# Show OFF YOUR BLUE,REVERSE,BLACK,FAWN,BROWN, AND ETC. BRINDLES.



## Teekospits

This forums for those who love there brindles and crazy coloring but still make a perfect pet. Show off your brindle to the world!!!!


----------



## Black Rabbit

We have one of these threads but it hasn't been bumped in a while here's the link for you 

http://www.gopitbull.com/pictures/12303-brindle-thread.html


----------



## Indigo Bully Connection

I reckon Cree is a reverse blue brindle


----------



## SweetMelissa

Soooo good looking!!!


----------



## Indigo Bully Connection

Thank you so much


----------



## x-Marky-x

Oh my, he's so beautiful Indigo!


----------



## meganc66

my blue brindle girl


----------



## Black Rabbit

Awwwww I love Rudi roo  The new siggy is very nice btw


----------



## cEElint

this is my cousins.. i dont have a brindle


----------



## NinaThePitbull

Indigo Bully Connection said:


> I reckon Cree is a reverse blue brindle


I reckon he's gorgeous !!!


----------



## NinaThePitbull

meganc66 said:


> my blue brindle girl


love that strong muzzle !


----------



## MrCanela

heres biggie 11 months old i think hes a fawn...(if u think he looks good vote for him on the Puppy pole)


----------



## proud pitbull owner

*here is*

My boy tex and My girl callie


----------



## Black Rabbit

proud pitbull owner said:


> My boy tex and My girl callie


Your dogs are gorgeous the second one is so sweet looking


----------



## PeanutsMommy

here is my Peanut


----------



## Black Rabbit

Yea Peanut  He's so awesome


----------



## PeanutsMommy

thanks Krystal


----------



## Black Rabbit

He's really looking amazing he's gotten pretty dang buff


----------



## PeanutsMommy

yeah we are working off his winter fat  gotta get that 2 lbs off LOL just playing he is just always go go go. he really has no idea that he gets tired. he seriously will play until he passes out.


----------



## ImPeCcAbLePiT$

My baby Zeus Poppy...









And baby girl Methea....


----------



## Cujo's Mom

*Here is our girl Hazel...*

she is now 5months and 36 pounds. I guess you can call her a chocolate brindle with chocolate ticking pattern.
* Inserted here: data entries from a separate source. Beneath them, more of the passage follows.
Lemma tri_int_subdivide f a b c :
  seg_continuous f a b -> seg_continuous f b c -> seg_continuous f c a ->
  seg_continuous f (midpoint a b) (midpoint c a) -> seg_continuous f (midpoint b c) (midpoint a b) ->
  seg_continuous f (midpoint c a) (midpoint b c) ->
  tri_int f a b c =
  (tri_int f a (midpoint a b) (midpoint c a) + tri_int f (midpoint a b) b (midpoint b c)
   + tri_int f (midpoint c a) (midpoint b c) c
   + tri_int f (midpoint a b) (midpoint b c) (midpoint c a))%C.
Proof.
  intros H1 H2 H3 H4 H5 H6. unfold tri_int.
  rewrite (seg_int_split f a b (1/2)), (seg_int_split f b c (1/2)), (seg_int_split f c a (1/2))
    by (auto; lra).
  fold (midpoint a b) (midpoint b c) (midpoint c a).
  rewrite (seg_int_rev f (midpoint c a) (midpoint a b)), (seg_int_rev f (midpoint a b) (midpoint b c)),
    (seg_int_rev f (midpoint b c) (midpoint c a)) by (apply seg_continuous_rev; auto).
  ring.
Qed.

(** * Goursat's lemma *)

Lemma Rle_0_of_le_small_mult (x K : R) : (forall eps, 0 < eps <= 1 -> x <= eps * K) -> x <= 0.
Proof.
  intros H. apply Rnot_lt_le. intro Hx.
  assert (HK : 0 < Rabs K + 1) by (generalize (Rabs_pos K); lra).
  set (e := Rmin 1 (x / (2 * (Rabs K + 1)))).
  assert (He : 0 < e) by (apply Rmin_pos; [lra | apply Rdiv_lt_0_compat; lra]).
  assert (He2 : e <= x / (2 * (Rabs K + 1))) by apply Rmin_r.
  specialize (H e (conj He (Rmin_l _ _))).
  assert (e * K <= e * (Rabs K + 1)) by (apply Rmult_le_compat_l; [lra | generalize (Rle_abs K); lra]).
  assert (e * (Rabs K + 1) <= x / 2).
  { apply Rle_trans with (x / (2 * (Rabs K + 1)) * (Rabs K + 1)).
    apply Rmult_le_compat_r; lra. right. field. lra. }
  lra.
Qed.

Lemma half_pow_pos k : 0 < (/2) ^ k.
Proof. apply pow_lt. lra. Qed.

Lemma half_pow_small P eps : 0 < eps -> exists k, P * (/2) ^ k < eps.
Proof.
  intros He. destruct (Rle_dec P 0). { exists O. simpl. lra. }
  destruct (pow_lt_1_zero (/2)) with (eps / P) as [N HN].
  { rewrite Rabs_pos_eq; lra. }
  { apply Rdiv_lt_0_compat; lra. }
  exists N. specialize (HN N (le_n N)). rewrite Rabs_pos_eq in HN by (apply pow_le; lra).
  rewrite Rmult_comm. apply Rmult_Rdiv_lt in HN; [rewrite Rmult_comm | ]; lra.
Qed.

Lemma half_pow_le_mono k m : (k <= m)%nat -> (/2) ^ m <= (/2) ^ k.
Proof.
  intros H. rewrite !pow_inv. apply Rinv_le_contravar; [apply pow_lt; lra | apply Rle_pow; auto; lra].
Qed.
All the brindled puppy photos are so cute! :clap:


----------



## SkyBlue27




----------



## Black Rabbit

Awwwwwwwwwwwww way cute


----------



## Elvisfink

Here are the Brindle dogs I've owned.
Poison Ivy 2010


















Miss Tweak 1999


















Kaos 1982


----------



## PeanutsMommy

dang Ivy is looking so beautiful!


----------



## Nizmo

sativa


----------



## Mom_of_Kambo

I love showin' my girl


----------



## dixieland

Here is my 3 yr old female Pretty Girl


----------



## meganc66

Great shots, everyone, and thanks for the compliments on my girl as well!

Everyone's doggies are looking so lovely, I love me some brindle  heehee


----------



## Amno

*Better late than never?*

I adopted my girl in 2012








She was 42 lbs, sick and hungry when I adopted her. Now she's a big-boned 72 pounds!


----------